* ASSIGNMENT
Within the listing below, the lines to output run from the one containing "fun a b => e" through the one containing "Proof. by move=> a b /andP[]. Qed."; copy them exactly and nothing else.

┌──

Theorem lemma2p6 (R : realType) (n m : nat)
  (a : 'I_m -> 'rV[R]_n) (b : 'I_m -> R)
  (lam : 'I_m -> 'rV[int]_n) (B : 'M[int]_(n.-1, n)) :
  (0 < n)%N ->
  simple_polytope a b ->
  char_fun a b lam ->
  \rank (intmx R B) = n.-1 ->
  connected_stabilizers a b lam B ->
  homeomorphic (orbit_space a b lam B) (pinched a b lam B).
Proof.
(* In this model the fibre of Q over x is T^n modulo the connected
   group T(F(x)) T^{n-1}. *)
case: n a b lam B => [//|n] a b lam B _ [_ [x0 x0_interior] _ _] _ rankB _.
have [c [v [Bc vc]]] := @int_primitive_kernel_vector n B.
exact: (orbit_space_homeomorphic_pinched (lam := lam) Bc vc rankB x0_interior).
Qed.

└──
┌──

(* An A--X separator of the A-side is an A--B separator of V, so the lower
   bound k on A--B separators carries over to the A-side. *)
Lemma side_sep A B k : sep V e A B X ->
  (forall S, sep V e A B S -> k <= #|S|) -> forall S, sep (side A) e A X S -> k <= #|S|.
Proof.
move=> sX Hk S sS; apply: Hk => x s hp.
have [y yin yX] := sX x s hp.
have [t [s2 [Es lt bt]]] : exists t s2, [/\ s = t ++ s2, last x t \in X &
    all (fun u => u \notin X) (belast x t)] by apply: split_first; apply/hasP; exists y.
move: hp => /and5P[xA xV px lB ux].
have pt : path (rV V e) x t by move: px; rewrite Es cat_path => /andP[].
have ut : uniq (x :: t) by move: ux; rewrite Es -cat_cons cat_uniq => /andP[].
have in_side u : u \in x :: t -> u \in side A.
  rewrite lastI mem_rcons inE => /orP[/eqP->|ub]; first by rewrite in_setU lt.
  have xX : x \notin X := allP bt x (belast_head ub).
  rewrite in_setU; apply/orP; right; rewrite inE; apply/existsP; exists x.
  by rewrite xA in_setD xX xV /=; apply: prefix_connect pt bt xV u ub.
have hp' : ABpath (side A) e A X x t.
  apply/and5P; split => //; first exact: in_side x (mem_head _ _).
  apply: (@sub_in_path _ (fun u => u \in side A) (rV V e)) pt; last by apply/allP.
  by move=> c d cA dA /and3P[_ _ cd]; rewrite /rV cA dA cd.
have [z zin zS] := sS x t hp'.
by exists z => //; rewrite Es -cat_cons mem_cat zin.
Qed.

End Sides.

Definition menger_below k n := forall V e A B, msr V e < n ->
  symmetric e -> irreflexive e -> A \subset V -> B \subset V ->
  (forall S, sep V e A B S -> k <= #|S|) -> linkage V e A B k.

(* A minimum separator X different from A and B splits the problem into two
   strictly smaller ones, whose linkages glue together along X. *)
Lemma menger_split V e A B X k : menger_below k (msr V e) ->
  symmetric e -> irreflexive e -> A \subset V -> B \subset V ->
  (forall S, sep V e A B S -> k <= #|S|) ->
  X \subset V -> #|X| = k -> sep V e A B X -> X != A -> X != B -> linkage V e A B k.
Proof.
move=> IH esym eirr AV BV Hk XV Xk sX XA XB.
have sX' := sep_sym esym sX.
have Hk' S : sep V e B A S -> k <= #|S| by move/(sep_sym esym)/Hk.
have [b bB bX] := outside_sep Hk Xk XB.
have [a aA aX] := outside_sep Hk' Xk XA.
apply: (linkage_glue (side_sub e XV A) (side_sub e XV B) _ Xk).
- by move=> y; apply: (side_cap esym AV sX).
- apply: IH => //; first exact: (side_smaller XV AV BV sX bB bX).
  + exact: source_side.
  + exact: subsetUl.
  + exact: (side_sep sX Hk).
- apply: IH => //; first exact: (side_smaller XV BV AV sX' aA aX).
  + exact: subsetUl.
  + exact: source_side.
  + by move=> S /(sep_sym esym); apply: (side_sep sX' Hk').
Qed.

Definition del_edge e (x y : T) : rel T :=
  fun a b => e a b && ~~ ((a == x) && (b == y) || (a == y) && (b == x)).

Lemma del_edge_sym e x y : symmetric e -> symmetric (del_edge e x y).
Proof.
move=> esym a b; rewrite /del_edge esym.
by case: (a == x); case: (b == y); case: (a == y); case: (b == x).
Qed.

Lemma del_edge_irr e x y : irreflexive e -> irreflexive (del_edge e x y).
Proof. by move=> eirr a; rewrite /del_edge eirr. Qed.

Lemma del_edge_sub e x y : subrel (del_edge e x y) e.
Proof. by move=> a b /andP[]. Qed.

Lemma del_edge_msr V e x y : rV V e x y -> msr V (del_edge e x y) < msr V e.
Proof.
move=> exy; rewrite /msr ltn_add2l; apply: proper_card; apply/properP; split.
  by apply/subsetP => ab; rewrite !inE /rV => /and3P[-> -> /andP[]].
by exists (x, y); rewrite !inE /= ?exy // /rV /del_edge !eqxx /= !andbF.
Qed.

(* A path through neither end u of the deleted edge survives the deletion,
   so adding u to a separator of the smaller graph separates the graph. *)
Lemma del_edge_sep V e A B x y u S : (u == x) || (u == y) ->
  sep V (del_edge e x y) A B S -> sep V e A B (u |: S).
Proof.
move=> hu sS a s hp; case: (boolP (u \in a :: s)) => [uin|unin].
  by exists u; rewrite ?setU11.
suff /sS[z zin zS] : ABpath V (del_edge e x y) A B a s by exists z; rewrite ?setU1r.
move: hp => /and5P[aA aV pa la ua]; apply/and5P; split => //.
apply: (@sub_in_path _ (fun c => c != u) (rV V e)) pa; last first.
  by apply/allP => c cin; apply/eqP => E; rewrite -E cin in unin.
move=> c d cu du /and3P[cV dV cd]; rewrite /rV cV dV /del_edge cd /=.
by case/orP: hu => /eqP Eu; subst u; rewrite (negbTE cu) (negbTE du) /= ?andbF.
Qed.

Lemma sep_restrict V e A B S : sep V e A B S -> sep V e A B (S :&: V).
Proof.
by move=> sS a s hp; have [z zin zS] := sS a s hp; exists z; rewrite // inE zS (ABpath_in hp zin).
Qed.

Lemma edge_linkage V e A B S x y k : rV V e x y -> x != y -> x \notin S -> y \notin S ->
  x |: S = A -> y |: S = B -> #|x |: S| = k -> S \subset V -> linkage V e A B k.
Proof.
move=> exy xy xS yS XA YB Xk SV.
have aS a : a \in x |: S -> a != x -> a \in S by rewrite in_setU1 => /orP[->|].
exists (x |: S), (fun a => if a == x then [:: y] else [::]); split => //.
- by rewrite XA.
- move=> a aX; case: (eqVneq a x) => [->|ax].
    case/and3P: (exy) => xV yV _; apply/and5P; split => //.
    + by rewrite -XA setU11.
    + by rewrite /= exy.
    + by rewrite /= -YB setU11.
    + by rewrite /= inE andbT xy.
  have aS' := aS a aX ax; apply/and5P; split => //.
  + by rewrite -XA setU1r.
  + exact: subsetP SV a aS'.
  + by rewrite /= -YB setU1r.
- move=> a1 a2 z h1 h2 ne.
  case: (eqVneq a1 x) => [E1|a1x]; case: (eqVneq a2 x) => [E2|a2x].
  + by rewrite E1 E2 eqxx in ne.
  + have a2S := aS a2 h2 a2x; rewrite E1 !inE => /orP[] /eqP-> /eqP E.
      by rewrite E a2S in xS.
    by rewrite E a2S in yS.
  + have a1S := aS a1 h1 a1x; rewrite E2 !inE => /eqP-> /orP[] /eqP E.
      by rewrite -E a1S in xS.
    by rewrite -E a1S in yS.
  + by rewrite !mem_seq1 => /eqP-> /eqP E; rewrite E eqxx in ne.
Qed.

└──

* RESULT OF THE EXERCISE
  fun a b => e a b && ~~ ((a == x) && (b == y) || (a == y) && (b == x)).

Lemma del_edge_sym e x y : symmetric e -> symmetric (del_edge e x y).
Proof.
move=> esym a b; rewrite /del_edge esym.
by case: (a == x); case: (b == y); case: (a == y); case: (b == x).
Qed.

Lemma del_edge_irr e x y : irreflexive e -> irreflexive (del_edge e x y).
Proof. by move=> eirr a; rewrite /del_edge eirr. Qed.

Lemma del_edge_sub e x y : subrel (del_edge e x y) e.
Proof. by move=> a b /andP[]. Qed.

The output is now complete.